As far as the appearance went, however, Auntie Zeliha could plainly see that Asya barely resembled her. She was not and probably would never become a beautiful woman. Not that there was anything wrong with her body or face or anything. In point of fact, when regarded independently every part of her was in good shape: the right height and weight, the right curly raven hair, the right chin… but when added together, there was something flawed in the combination. She wasn't ugly either, not at all. If anything, a mediocre prettiness, one that is good to look at but won't stick in anybody's mind. Her face was so average many who met her for the first time had the impression of having seen her before. She was uniquely ordinary.

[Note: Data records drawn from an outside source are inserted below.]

Section DiagonalCocycles.
Variables (C : numClosedFieldType) (n : nat).
Implicit Types (d m : 'I_n -> C) (A : 'M[C]_n) (M : 'M[C]_n -> Prop) (F : 'S_n -> 'I_n -> C).
Implicit Types (f : 'S_n -> 'M[C]_n) (s : 'S_n).

Lemma mxact_dmx d s : mxact (dmx d) s = dmx (fun i => d (s^-1%g i)).
Proof.
have invP : invmx (perm_mx s : 'M[C]_n) = perm_mx s^-1%g.
  have sVs : perm_mx s^-1%g *m perm_mx s = 1%:M :> 'M[C]_n by rewrite -perm_mxM mulVg perm_mx1.
  by rewrite -[LHS]mul1mx -sVs -mulmxA mulmxV ?unitmx_perm // mulmx1.
rewrite /mxact invP -row_permE -[s in perm_mx s]invgK -col_permE.
by apply/matrixP=> i j; rewrite !mxE (inj_eq perm_inj).
Qed.

Lemma mxpow_dmx d k : mxpow (dmx d) k = dmx (fun i => d i ^+ k).
Proof.
elim: k => [|k IH]; first by rewrite /mxpow /= -dmx1; apply: eq_dmx => i.
by rewrite /mxpow iterS -/(mxpow _ _) IH mul_dmx; apply: eq_dmx => i; rewrite exprS.
Qed.

Lemma cocycle_dmxP M f : (forall A, M A -> is_diag_mx A /\ A \in unitmx) -> cocycle M f ->
  [/\ {in ('Alt_('I_n))%g, forall g, f g = dmx (fun i => f g i i)},
      {in ('Alt_('I_n))%g, forall g i, f g i i != 0} & diag_cocycle (fun g i => f g i i)].
Proof.
move=> M_diag [fM fJ]; have fE g : g \in ('Alt_('I_n))%g -> f g = dmx (fun i => f g i i).
  by move=> Ag; apply: diag_dmx; case: (M_diag _ (fM g Ag)).
split=> // [g Ag i | g h Ag Ah].
  by have [_] := M_diag _ (fM g Ag); rewrite {1}(fE g Ag) unitmx_dmx => /forallP.
apply: dmx_inj; rewrite -fE ?groupM // fJ // {1}(fE g) // {1}(fE h) //.
by rewrite mxact_dmx mul_dmx.
Qed.

Lemma cocycle_dmx M F : {in ('Alt_('I_n))%g, forall g, M (dmx (F g))} -> diag_cocycle F ->
  cocycle M (fun g => dmx (F g)).
Proof.
by move=> FM cF; split=> // g h Ag Ah; rewrite mxact_dmx mul_dmx; apply: eq_dmx => i; apply: cF.
Qed.

Lemma coboundary_dmx M f m : M (dmx m) -> (forall i, m i != 0) ->
    {in ('Alt_('I_n))%g, forall g, f g = dmx (fun i => (m i)^-1 * m (g^-1%g i))} ->
  coboundary M f.
Proof.
by move=> Mm m_neq0 fE; exists (dmx m) => // g Ag; rewrite fE // invmx_dmx // mxact_dmx mul_dmx.
Qed.

Lemma inDq_diag_unit q A : inDq q A -> is_diag_mx A /\ A \in unitmx.
Proof. by case. Qed.

Lemma inDq_dmx q k d : (0 < q)%N -> (forall i, d i ^+ (q ^ k) = 1) -> inDq q (dmx d).
Proof.
move=> q_gt0 dq; split; first exact: dmx_is_diag.
  by rewrite unitmx_dmx; apply/forallP=> i; apply: expr_qpow_neq0 q_gt0 (dq i).
by exists k; rewrite mxpow_dmx -dmx1; apply: eq_dmx.
Qed.

Lemma inDq_diag_expr q A : inDq q A -> exists k, forall i, A i i ^+ (q ^ k) = 1.
Proof.
case=> A_diag _ [k Ak]; exists k => i.
by move: Ak; rewrite [A in mxpow A _](diag_dmx A_diag) mxpow_dmx -dmx1 => /dmx_inj/(_ i).
Qed.

Lemma Dq_coboundary q m f : (0 < q)%N -> (exists k, forall j, m j ^+ (q ^ k) = 1) ->
    {in ('Alt_('I_n))%g, forall g, f g = dmx (fun i => (m i)^-1 * m (g^-1%g i))} ->
  coboundary (inDq q) f.
Proof.
move=> q_gt0 [k mq]; apply: coboundary_dmx; first exact: inDq_dmx q_gt0 mq.
by move=> j; apply: expr_qpow_neq0 q_gt0 (mq j).
Qed.

(* Replacing m by x * m, with x ^+ n * \prod m = 1, keeps the coboundary and makes its
   determinant 1; such an x exists since 3 is prime to n. *)
Lemma X3_coboundary m f : coprime 3 n -> (exists k, forall j, m j ^+ (3 ^ k) = 1) ->
    {in ('Alt_('I_n))%g, forall g, f g = dmx (fun i => (m i)^-1 * m (g^-1%g i))} ->
  coboundary (@inX3 C n) f.
Proof.
move=> co3n [k m3] fE; pose y := \prod_j m j.
have y3 : y ^+ (3 ^ k) = 1 by rewrite -prodrXl; apply: big1 => j _.
have [x x3 xy] := coprime_root_inv (expn_gt0 3 k) (coprimeXl k co3n) y3.
have m_neq0 j : m j != 0 by apply: expr_qpow_neq0 (m3 j).
have x_neq0 : x != 0 by apply: expr_qpow_neq0 x3.
apply: (coboundary_dmx (m := fun j => x * m j)) => [|j|g Ag]; last 2 first.
- by rewrite mulf_neq0.
- by rewrite fE //; apply: eq_dmx => i; rewrite invfM mulrACA mulVf ?mul1r.
split; first by apply: (inDq_dmx (k := k)) => // j; rewrite exprMn x3 m3 mulr1.
by rewrite det_dmx big_split /= prodr_const card_ord.
Qed.

End DiagonalCocycles.

Lemma alt_stab_qchar_eq1 (R : fieldType) (T : finType) (z : T) (chi : {perm T} -> R) q :
    prime q -> q != 3%N \/ (5 < #|T|)%N ->
    {in alt_stab z &, {morph chi : x y / (x * y)%g >-> x * y}} ->
    {in alt_stab z, forall x, chi x != 0} ->
    {in alt_stab z, forall x, exists k, chi x ^+ (q ^ k) = 1} ->
  {in alt_stab z, forall x, chi x = 1}.
Proof.
move=> q_pr q_T chiM chi_neq0 chi_q.
have K_tpermM := @tpermM_alt_stab _ z.
move=> x; rewrite alt_stabE => /andP[Ax xz]; rewrite -perm_on_setC1 in xz.
apply: (even_perm_on_char_eq1 chiM chi_neq0 K_tpermM) => // a b c abc_S abc.
case: q_T => [q_neq3 | T_gt5]; last first.
  apply: (cycle3_char_eq1 chiM chi_neq0 K_tpermM) => //.
  by rewrite cardsC1 -ltnS prednK // (ltn_trans _ T_gt5).
have [ab bc] : a != b /\ b != c.
  by move: abc; rewrite /= !inE negb_or andbT => /andP[/andP[]].
have [k ck] := chi_q _ (cycle3_in K_tpermM abc_S ab bc).
apply: (@expr_coprime_eq1 _ _ 3 (q ^ k)) => //.
  by rewrite coprimeXr // prime_coprime // dvdn_prime2 // eq_sym.
exact: (cycle3_char_expr3 chiM chi_neq0 K_tpermM).
Qed.

Theorem H1_Dq_trivial (C : numClosedFieldType) p q : prime p -> (5 <= p)%N -> prime q ->
  (p, q) <> (5%N, 3%N) -> H1_trivial (@inDq C p q).
Proof.
move=> p_pr p_ge5 q_pr pq_ne f cf.
have [fE f_neq0 cF] := cocycle_dmxP (@inDq_diag_unit C p q) cf.
have Fq g : g \in ('Alt_('I_p))%g -> exists k, forall i, f g i i ^+ (q ^ k) = 1.
  by move=> Ag; apply: inDq_diag_expr (cf.1 g Ag).
have p_gt3 : (3 < #|'I_p|)%N by rewrite card_ord ltnW.
pose z : 'I_p := Ordinal (prime_gt0 p_pr).
have f_stab : {in alt_stab z, forall h, f h z z = 1}.
  apply: (alt_stab_qchar_eq1 q_pr _ (diag_cocycle_stab cF)) => [|h|h].
  - have [q3 | ] := eqVneq q 3; [right | by left].
    by rewrite card_ord ltn_neqAle p_ge5 andbT; apply: contra_not_neq pq_ne => <-; rewrite q3.
  - by rewrite alt_stabE => /andP[Ah _]; apply: f_neq0.
  - by rewrite alt_stabE => /andP[/Fq[k Fk] _]; exists k.
have [m mq FE] := diag_cocycle_coboundary_qpow p_gt3 cF f_neq0 Fq f_stab.
by apply: (Dq_coboundary (prime_gt0 q_pr) mq) => g Ag; rewrite fE //; apply: eq_dmx => i; apply: FE.
Qed.

Section PermSeq.
Variable n : nat.
Implicit Types (s t : 'S_n) (u v : seq nat).

(* Permutations as lists of images, on which vm_compute can check the finitely many facts
   about Alt(4) used below. *)
Definition pseq s : seq nat := [seq val (s i) | i <- enum 'I_n].

Definition seq_mul u v : seq nat := [seq nth 0 v k | k <- u].

Definition seq_tperm (a b : nat) : seq nat :=
  [seq if i == a then b else if i == b then a else i | i <- iota 0 n].

Lemma nth_pseq s (i : 'I_n) : nth 0 (pseq s) i = val (s i).
Proof. by rewrite (nth_map i) ?size_enum_ord // nth_ord_enum. Qed.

Rather than "beautiful," "cute" would be the best compliment she could get at this stage, which was perfectly okay, except that here she was painfully going through a phase of her life in which "cuteness" was the last thing she wanted to be associated with. Twenty years down the road she would come to see her body differently. Asya was one of those women who though not pretty in their teens or attractive in their youth, could nevertheless become quite good-looking in their middle age, provided they could endure until then.